Though, to the best of our knowledge, this is the first study that adopts full three-dimensional patient-specific models to optimize stent geometrical parameters of a TAVI device, minimizing the predicted clinical complications in the average population. With this approach, the performance of the device can be evaluated in models resembling anatomical variability among patients eligible for TAVI, (aortic root variability, amount and location of calcifications, tricuspid or bicuspid aortic valve) before entering the clinical phase.
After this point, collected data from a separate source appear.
(* Let $K=h^{-1/3}$ and $L=h^{-4/3}$. Let $x$ be a reference grid point in $\Omega=(-1,1)$ and $\phi$ a smooth function defined in a neighborhood of the grid. Then the scheme $F^{1D,e,\delta}$ is consistent with $F^{1D}$ and has accuracy \[ F^{1D,e,\delta}[\phi](x)-F^{1D}[\phi](x)=\mathcal O(h^{2/3}). \] Moreover, $F^{1D,e,\delta}$ is Lipschitz continuous with constant $C^h=h^{-4/3}+2h^{-10/3}$.
   Context: $F^{1D}[u]=(u_x^2u_{xx})^{1/3}$ (real cube root). With $A(p,q)=(p^2q)^{1/3}$, $A^\delta(p,q)=\operatorname{sgn}(q)\min(\lvert A(p,q)\rvert,K\lvert p\rvert,L\lvert q\rvert)$ ($\operatorname{sgn}(0)=0$), $A^{\delta,\pm}(p,q)=A^\delta(p^\pm,q^\pm)$ where $x^+=\max(x,0)$, $x^-=\min(x,0)$, the scheme on the uniform grid of spacing $h$ is $-F^{1D,e,\delta}[u]=A^{\delta,+}(\lvert u_x^h\rvert^+,-u_{xx}^h)+A^{\delta,-}(-\lvert u_x^h\rvert^-,-u_{xx}^h)$, where $\lvert u_x^h\rvert^+=\max\{\frac{u(x)-u(x+h)}h,\frac{u(x)-u(x-h)}h,0\}$, $-\lvert u_x^h\rvert^-=\min\{\frac{u(x)-u(x+h)}h,\frac{u(x)-u(x-h)}h,0\}$, $u_{xx}^h=\frac{u(x+h)-2u(x)+u(x-h)}{h^2}$. Writing a finite difference operator as $F^h[u](x)=F^h(x,u(x),u(x)-u(\cdot))$, it is Lipschitz continuous with constant $C$ if $\lvert F^h(x,r,v(\cdot))-F^h(x,s,w(\cdot))\rvert\le C\max(\lvert r-s\rvert,\lVert v-w\rVert_\infty)$ for all grid points $x$. Consistency with $F$ means $\lim_{h\to0,\,y\to x}F^h[\phi](y)=F[\phi](x)$ for smooth $\phi$. *)

From Stdlib Require Import Reals Lra.
From Coquelicot Require Import Coquelicot.
Open Scope R_scope.

Definition cbrt (x : R) : R :=
  if Rlt_dec 0 x then Rpower x (1/3)
  else if Rlt_dec x 0 then - Rpower (- x) (1/3) else 0.

Definition sgn (x : R) : R :=
  if Rlt_dec 0 x then 1 else if Rlt_dec x 0 then -1 else 0.

Definition posp (x : R) : R := Rmax x 0.
Definition negp (x : R) : R := Rmin x 0.

Definition Aop (p q : R) : R := cbrt (p ^ 2 * q).

Definition Adelta (K L p q : R) : R :=
  sgn q * Rmin (Rabs (Aop p q)) (Rmin (K * Rabs p) (L * Rabs q)).

Definition Adelta_p (K L p q : R) : R := Adelta K L (posp p) (posp q).
Definition Adelta_m (K L p q : R) : R := Adelta K L (negp p) (negp q).

(* The scheme written in the form F^h(x, r, v(.)) where, applied to u,
   r = u(x) and v(y) = u(x) - u(y). *)
(* (u(x)-u(x+h))/h and (u(x)-u(x-h))/h *)
Definition Dfwd (h x : R) (v : R -> R) : R := v (x + h) / h.
Definition Dbwd (h x : R) (v : R -> R) : R := v (x - h) / h.
Definition uxPlus (h x : R) (v : R -> R) : R :=
  Rmax (Rmax (Dfwd h x v) (Dbwd h x v)) 0.
Definition uxMinusNeg (h x : R) (v : R -> R) : R :=
  Rmin (Rmin (Dfwd h x v) (Dbwd h x v)) 0.
(* u_xx^h = (u(x+h) - 2u(x) + u(x-h))/h^2 = -(v(x+h) + v(x-h))/h^2 *)
Definition uxx (h x : R) (v : R -> R) : R := - (v (x + h) + v (x - h)) / h ^ 2.

Definition F1De_op (K L h x r : R) (v : R -> R) : R :=
  - (Adelta_p K L (uxPlus h x v) (- uxx h x v)
     + Adelta_m K L (uxMinusNeg h x v) (- uxx h x v)).

Definition Kh (h : R) : R := Rpower h (- (1/3)).
Definition Lh (h : R) : R := Rpower h (- (4/3)).

Definition F1De (h : R) (u : R -> R) (x : R) : R :=
  F1De_op (Kh h) (Lh h) h x (u x) (fun y => u x - u y).

Definition F1D (u : R -> R) (x : R) : R :=
  cbrt ((Derive u x) ^ 2 * Derive_n u 2 x).

Definition on_lattice (h y : R) : Prop := exists k : Z, y = -1 + IZR k * h.
Definition grid_point (h x : R) : Prop := -1 < x < 1 /\ on_lattice h x.

Definition Ch (h : R) : R := Rpower h (- (4/3)) + 2 * Rpower h (- (10/3)).

(* With e = h^(1/3) one has h = e^3, K = 1/e and L = 1/e^4.  In the variables
   s = |p|^(1/3), t = |q|^(1/3) the truncated operator is |A^delta(p,q)| =
   min(s^2 t, s^3/e, t^3/e^4), and s^2 t min-ed with K s^3 (resp. L t^3) is
   monotone with increments at most K (resp. L) times the increment of s^3
   (resp. t^3).  Hence A^delta is K-Lipschitz in |p| and L-Lipschitz in q, and
   since one-sided differences move by M/h and the second difference by 2M/h^2,
   the scheme is Lipschitz with constant K/h + 2L/h^2 = h^(-4/3) + 2h^(-10/3).
   The upwind selection matters here: at most one of the two terms is active,
   and when the active one switches, only the bound L|q| is used.

   For accuracy, a^2 b <= a^3 + b^3 shows the truncation costs at most
   e^2 (s^3 + t^3).  For smooth phi the one-sided differences are O(h) from
   +-phi' and the second difference is O(h^2) from phi'', so s moves by O(e),
   s^2 by O(e^2) (as |x^2 - y^2|^3 <= |x^3 - y^3|^2) and t by O(e^2): the error
   is O(e^2) = O(h^(2/3)).  When the discrete and exact curvatures have opposite
   signs, both are O(h^2) and both sides are O(h^(2/3)).  Consistency then
   follows from accuracy and the continuity of F^1D[phi]. *)

From Stdlib Require Import Reals Lra Psatz.
From Coquelicot Require Import Coquelicot.
Open Scope R_scope.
This proof-of-concept study shows that computer simulations based on patient-specific anatomies and population-based parameters on a representative TAVI population can be used to optimize the design of a TAVI device reducing the costs and the time of the design and development phase of a new device, as well as the level of risk during the clinical studies.
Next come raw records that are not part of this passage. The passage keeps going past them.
(* The category of cubes $\widehat{\square}$ of all adjacency-preserving maps is the unique shell-complete category of cubes.
   Context: $[0]=\{()\}$, $[n]=\{0,1\}^n$ ($n\ge1$) with the product order; ${\rm PoSet}$ is the category of posets with strictly increasing maps. Face maps $\delta_i^\alpha:[n-1]\to[n]$ insert $\alpha\in\{0,1\}$ at position $i$; $\square$ is the subcategory of ${\rm PoSet}$ with objects $[n]$, $n\ge0$, generated by the face maps. With $d(\epsilon,\epsilon')=\sum_i|\epsilon_i-\epsilon'_i|$, a map $f:[m]\to[n]$ is adjacency-preserving if strictly increasing and $d(x,y)=1\Rightarrow d(f(x),f(y))=1$. A category of cubes is a subcategory $\mathcal A\subset{\rm PoSet}$ with objects $\{[n]:n\ge0\}$, containing $\square$, whose morphisms are all adjacency-preserving; $\widehat\square$ consists of all adjacency-preserving maps. An $\mathcal A$-set is a presheaf on $\mathcal A$; $\mathcal A[p]=\mathcal A(-,[p])$; $K_{\le1}$ denotes truncation to dimensions $\le 1$ (a presheaf on the full subcategory on $[0],[1]$). $\mathrm{cosk}_1^{\mathcal A}$ is the right adjoint of the truncation functor $K\mapsto K_{\le1}$ from $\mathcal A$-sets to $1$-dimensional $\mathcal A$-sets. $\mathcal A$ is shell-complete if for every $p\ge2$ the canonical map $\mathcal A[p]\to\mathrm{cosk}_1^{\mathcal A}(\mathcal A[p]_{\le1})$ (adjoint to the identity of $\mathcal A[p]_{\le1}$) is an isomorphism. *)

From mathcomp Require Import all_boot.
Set Implicit Arguments. Unset Strict Implicit. Unset Printing Implicit Defensive.

(* The poset [n] = {0,1}^n; [0] is the one-point poset (unique function 'I_0 -> bool). *)
Definition cube (n : nat) : finType := {ffun 'I_n -> bool}.

(* maps [m] -> [n] (as finite functions, so equality is extensional) *)
Definition hom (m n : nat) : finType := {ffun cube m -> cube n}.

Definition comp (l m n : nat) (g : hom m n) (f : hom l m) : hom l n :=
  [ffun x => g (f x)].

Definition idh (n : nat) : hom n n := [ffun x => x].

Definition face (n : nat) (i : 'I_n.+1) (a : bool) : hom n n.+1 :=
  [ffun x : cube n => [ffun j : 'I_n.+1 =>
      if unlift i j is Some k then x k else a]].

Inductive boxmap : forall m n : nat, hom m n -> Prop :=
| box_id n : @boxmap n n (idh n)
| box_face n i a : @boxmap n n.+1 (face i a)
| box_comp l m n (g : hom m n) (f : hom l m) :
    boxmap g -> boxmap f -> boxmap (comp g f).

Definition cube_le n (x y : cube n) : bool := [forall i, x i <= y i].
Definition cube_lt n (x y : cube n) : bool := cube_le x y && (x != y).

Definition strictly_increasing m n (f : hom m n) : Prop :=
  forall x y, cube_lt x y -> cube_lt (f x) (f y).

Definition cdist n (x y : cube n) : nat := \sum_(i < n) (x i != y i).

Definition adj_preserving m n (f : hom m n) : Prop :=
  strictly_increasing f /\
  forall x y, cdist x y = 1 -> cdist (f x) (f y) = 1.

Definition homset := forall m n : nat, hom m n -> Prop.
This is a valuable approach with the potential to be extended to medical devices in general. The objectives can also be extended to any other clinical outcome as long as computational modelling and simulation can accurately predict those outcomes. In this study, the optimized device is quite similar to the CoreValve system, for which the strategy for predicting paravalvular AR and conduction abnormalities was previously validated.8,29,31 Due to the similarity between the CoreValve and the device variants modelled in this study, we believe the previous validation work remains valid for these new devices.
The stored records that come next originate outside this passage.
Lemma triangle_bary a b c : cross (b - a) (c - a) != 0 ->
  triangle a b c = [set x | 0 <= bary2 a b c x] `&` [set x | 0 <= bary3 a b c x]
                   `&` [set x | 0 <= 1 - bary2 a b c x - bary3 a b c x].
Proof.
move=> D0; apply/seteqP; split=> x /=.
  move=> [l1 [l2 [l3 [l10 l20 l30 hs ->]]]].
  have -> : l1 = 1 - l2 - l3 by lra.
  have -> : bary2 a b c ((1 - l2 - l3) *: a + l2 *: b + l3 *: c) = l2.
    by rewrite /bary2 /cross /= /GRing.scale /=; field.
  have -> : bary3 a b c ((1 - l2 - l3) *: a + l2 *: b + l3 *: c) = l3.
    by rewrite /bary3 /cross /= /GRing.scale /=; field.
  by split; first split; lra.
move=> [[b20 b30] b10].
exists (1 - bary2 a b c x - bary3 a b c x), (bary2 a b c x), (bary3 a b c x).
split=> //; first lra.
apply: injective_projections; rewrite /= /GRing.scale /= /bary2 /bary3;
  move: D0; rewrite /cross /= => D0; by field.
Qed.

Lemma measurable_nonneg (f : R * R -> R) : measurable_fun setT f ->
  measurable [set x | 0 <= f x].
Proof.
move=> mf; have := mf measurableT `[0, +oo[ (measurable_itv _).
by rewrite setTI preimage_itvcy.
Qed.

Lemma measurable_cross_subl a (u : R * R) : measurable_fun setT (fun x => cross (x - a) u).
Proof.
have m1 : measurable_fun setT (fun x : R * R => x.1 - a.1).
  exact: measurable_funB measurable_fst (measurable_cst _).
have m2 : measurable_fun setT (fun x : R * R => x.2 - a.2).
  exact: measurable_funB measurable_snd (measurable_cst _).
exact: measurable_funB (measurable_funM m1 (measurable_cst _)) (measurable_funM m2 (measurable_cst _)).
Qed.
While in this study we focused on three key functional post-deployment variables (maximum contact pressure, contact pressure area and paravalvular regurgitation), this approach can be used to optimize any geometrical parameter that plays a relevant role in the performance of the device (i.e., stress distribution, durability of the device). Also, the amount of geometrical parameters under investigation can be increased.

Study Limitations

Although device optimization based on patient-specific computer simulation has many advantages in the stent design, this study has certain limitations. First, significant computational resources are required to perform this kind of study. A total of 16 devices were created and virtually implanted in 12 patients, resulting in 192 FEA simulations and same amount of CFD simulations. Additionally, iterative repositioning of the device was necessary in some cases, to reach comparable implantation depth of the device in each patient. In fact, the obtained optimal device is implantation depth-specific. Whether it remains the optimal solution at different implantation depths needs to be verified. Second, a limited number of patients was enrolled in the study. Despite the fact that only 12 patients were used, they were representative of the population eligible for TAVI, and assumed sufficient for a proof-of-concept study. In future, automatization of the entire process is planned, with inclusion of more patients to ensure optimal device performance. Last, this study focused on the prediction of three post-procedural outcomes, but other parameters that play an important role in the performance and durability of the device should be evaluated. For example, the crimping feasibility of those devices should be checked to ensure that the device is not damaged. A mechanical analysis of the stress distribution on the device frame and device leaflets should be performed to guarantee high performance and device durability. Also, mechanical factors that might affect the stress/strain distribution on the aortic wall to avoid negative outcomes (i.e., annulus rupture) should be included in the optimization study.

Conclusion

In this study, we proposed a framework to improve the design of a representative TAVI frame using patient-specific computer models able to predict post-operative outcomes. Results show that this approach can effectively evaluate and optimize the performance of a TAVI device on a virtual TAVI population. The proposed approach can help to speed up the initial design and development phase of new devices and lower the risk during clinical studies.